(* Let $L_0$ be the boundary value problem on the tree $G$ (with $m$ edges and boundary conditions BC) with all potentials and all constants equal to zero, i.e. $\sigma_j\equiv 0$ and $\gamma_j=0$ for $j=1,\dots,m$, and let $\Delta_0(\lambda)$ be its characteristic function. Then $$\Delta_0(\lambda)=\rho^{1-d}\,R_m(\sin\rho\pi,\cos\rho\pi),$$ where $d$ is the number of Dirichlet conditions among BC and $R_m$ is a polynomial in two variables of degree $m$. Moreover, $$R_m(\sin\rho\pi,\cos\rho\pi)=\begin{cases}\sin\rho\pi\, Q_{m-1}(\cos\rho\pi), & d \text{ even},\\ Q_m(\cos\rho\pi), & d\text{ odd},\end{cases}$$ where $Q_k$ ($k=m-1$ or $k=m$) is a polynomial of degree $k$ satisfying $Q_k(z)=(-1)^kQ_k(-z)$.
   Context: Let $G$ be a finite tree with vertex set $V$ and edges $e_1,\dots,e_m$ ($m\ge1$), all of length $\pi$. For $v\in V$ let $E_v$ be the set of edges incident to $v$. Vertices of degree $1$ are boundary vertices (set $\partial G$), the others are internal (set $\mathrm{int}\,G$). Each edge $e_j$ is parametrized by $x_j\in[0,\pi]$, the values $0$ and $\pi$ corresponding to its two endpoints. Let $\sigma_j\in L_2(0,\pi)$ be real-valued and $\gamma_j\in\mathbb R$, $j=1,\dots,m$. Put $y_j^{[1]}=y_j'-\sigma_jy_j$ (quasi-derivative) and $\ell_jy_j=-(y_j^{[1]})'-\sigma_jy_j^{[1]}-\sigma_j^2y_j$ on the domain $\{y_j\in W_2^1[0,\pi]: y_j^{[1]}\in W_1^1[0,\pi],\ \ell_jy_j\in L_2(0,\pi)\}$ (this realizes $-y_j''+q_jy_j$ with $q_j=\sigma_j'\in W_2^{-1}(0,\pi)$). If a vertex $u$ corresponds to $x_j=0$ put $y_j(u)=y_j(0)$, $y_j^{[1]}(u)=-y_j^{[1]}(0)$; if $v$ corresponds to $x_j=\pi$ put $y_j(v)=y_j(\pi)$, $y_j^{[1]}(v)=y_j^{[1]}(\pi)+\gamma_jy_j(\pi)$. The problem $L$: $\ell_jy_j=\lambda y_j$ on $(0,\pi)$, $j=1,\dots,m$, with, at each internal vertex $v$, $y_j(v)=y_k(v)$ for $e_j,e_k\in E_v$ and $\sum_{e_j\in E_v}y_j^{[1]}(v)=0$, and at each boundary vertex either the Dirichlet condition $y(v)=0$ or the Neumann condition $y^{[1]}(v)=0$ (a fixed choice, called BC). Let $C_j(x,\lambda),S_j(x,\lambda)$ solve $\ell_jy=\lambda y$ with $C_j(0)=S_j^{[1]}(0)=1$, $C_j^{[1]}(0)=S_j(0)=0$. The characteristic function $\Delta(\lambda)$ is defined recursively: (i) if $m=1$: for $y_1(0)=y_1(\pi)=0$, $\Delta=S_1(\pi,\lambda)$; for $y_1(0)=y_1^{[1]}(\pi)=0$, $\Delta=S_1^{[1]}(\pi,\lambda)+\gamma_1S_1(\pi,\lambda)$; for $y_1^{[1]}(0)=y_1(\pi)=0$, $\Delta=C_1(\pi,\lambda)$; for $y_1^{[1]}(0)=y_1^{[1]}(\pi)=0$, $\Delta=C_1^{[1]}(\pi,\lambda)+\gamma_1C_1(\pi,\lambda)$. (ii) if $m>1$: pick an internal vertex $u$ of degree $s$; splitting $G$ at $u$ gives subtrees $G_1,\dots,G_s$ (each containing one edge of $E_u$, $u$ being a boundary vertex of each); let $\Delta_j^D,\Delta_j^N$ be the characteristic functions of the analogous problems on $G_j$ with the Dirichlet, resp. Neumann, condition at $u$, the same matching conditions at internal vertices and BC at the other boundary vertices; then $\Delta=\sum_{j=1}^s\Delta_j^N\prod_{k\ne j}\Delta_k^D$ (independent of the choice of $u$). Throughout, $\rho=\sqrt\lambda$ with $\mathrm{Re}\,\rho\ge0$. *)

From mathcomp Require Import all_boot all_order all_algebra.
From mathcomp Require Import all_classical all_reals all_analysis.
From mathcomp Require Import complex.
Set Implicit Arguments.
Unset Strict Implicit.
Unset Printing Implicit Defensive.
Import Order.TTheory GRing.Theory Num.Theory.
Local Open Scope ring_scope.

**Exercise aim:** I need each line above reproduced exactly.

**Solution below:**
(* Let $L_0$ be the boundary value problem on the tree $G$ (with $m$ edges and boundary conditions BC) with all potentials and all constants equal to zero, i.e. $\sigma_j\equiv 0$ and $\gamma_j=0$ for $j=1,\dots,m$, and let $\Delta_0(\lambda)$ be its characteristic function. Then $$\Delta_0(\lambda)=\rho^{1-d}\,R_m(\sin\rho\pi,\cos\rho\pi),$$ where $d$ is the number of Dirichlet conditions among BC and $R_m$ is a polynomial in two variables of degree $m$. Moreover, $$R_m(\sin\rho\pi,\cos\rho\pi)=\begin{cases}\sin\rho\pi\, Q_{m-1}(\cos\rho\pi), & d \text{ even},\\ Q_m(\cos\rho\pi), & d\text{ odd},\end{cases}$$ where $Q_k$ ($k=m-1$ or $k=m$) is a polynomial of degree $k$ satisfying $Q_k(z)=(-1)^kQ_k(-z)$.
   Context: Let $G$ be a finite tree with vertex set $V$ and edges $e_1,\dots,e_m$ ($m\ge1$), all of length $\pi$. For $v\in V$ let $E_v$ be the set of edges incident to $v$. Vertices of degree $1$ are boundary vertices (set $\partial G$), the others are internal (set $\mathrm{int}\,G$). Each edge $e_j$ is parametrized by $x_j\in[0,\pi]$, the values $0$ and $\pi$ corresponding to its two endpoints. Let $\sigma_j\in L_2(0,\pi)$ be real-valued and $\gamma_j\in\mathbb R$, $j=1,\dots,m$. Put $y_j^{[1]}=y_j'-\sigma_jy_j$ (quasi-derivative) and $\ell_jy_j=-(y_j^{[1]})'-\sigma_jy_j^{[1]}-\sigma_j^2y_j$ on the domain $\{y_j\in W_2^1[0,\pi]: y_j^{[1]}\in W_1^1[0,\pi],\ \ell_jy_j\in L_2(0,\pi)\}$ (this realizes $-y_j''+q_jy_j$ with $q_j=\sigma_j'\in W_2^{-1}(0,\pi)$). If a vertex $u$ corresponds to $x_j=0$ put $y_j(u)=y_j(0)$, $y_j^{[1]}(u)=-y_j^{[1]}(0)$; if $v$ corresponds to $x_j=\pi$ put $y_j(v)=y_j(\pi)$, $y_j^{[1]}(v)=y_j^{[1]}(\pi)+\gamma_jy_j(\pi)$. The problem $L$: $\ell_jy_j=\lambda y_j$ on $(0,\pi)$, $j=1,\dots,m$, with, at each internal vertex $v$, $y_j(v)=y_k(v)$ for $e_j,e_k\in E_v$ and $\sum_{e_j\in E_v}y_j^{[1]}(v)=0$, and at each boundary vertex either the Dirichlet condition $y(v)=0$ or the Neumann condition $y^{[1]}(v)=0$ (a fixed choice, called BC). Let $C_j(x,\lambda),S_j(x,\lambda)$ solve $\ell_jy=\lambda y$ with $C_j(0)=S_j^{[1]}(0)=1$, $C_j^{[1]}(0)=S_j(0)=0$. The characteristic function $\Delta(\lambda)$ is defined recursively: (i) if $m=1$: for $y_1(0)=y_1(\pi)=0$, $\Delta=S_1(\pi,\lambda)$; for $y_1(0)=y_1^{[1]}(\pi)=0$, $\Delta=S_1^{[1]}(\pi,\lambda)+\gamma_1S_1(\pi,\lambda)$; for $y_1^{[1]}(0)=y_1(\pi)=0$, $\Delta=C_1(\pi,\lambda)$; for $y_1^{[1]}(0)=y_1^{[1]}(\pi)=0$, $\Delta=C_1^{[1]}(\pi,\lambda)+\gamma_1C_1(\pi,\lambda)$. (ii) if $m>1$: pick an internal vertex $u$ of degree $s$; splitting $G$ at $u$ gives subtrees $G_1,\dots,G_s$ (each containing one edge of $E_u$, $u$ being a boundary vertex of each); let $\Delta_j^D,\Delta_j^N$ be the characteristic functions of the analogous problems on $G_j$ with the Dirichlet, resp. Neumann, condition at $u$, the same matching conditions at internal vertices and BC at the other boundary vertices; then $\Delta=\sum_{j=1}^s\Delta_j^N\prod_{k\ne j}\Delta_k^D$ (independent of the choice of $u$). Throughout, $\rho=\sqrt\lambda$ with $\mathrm{Re}\,\rho\ge0$. *)

From mathcomp Require Import all_boot all_order all_algebra.
From mathcomp Require Import all_classical all_reals all_analysis.
From mathcomp Require Import complex.
Set Implicit Arguments.
Unset Strict Implicit.
Unset Printing Implicit Defensive.
Import Order.TTheory GRing.Theory Num.Theory.
Local Open Scope ring_scope.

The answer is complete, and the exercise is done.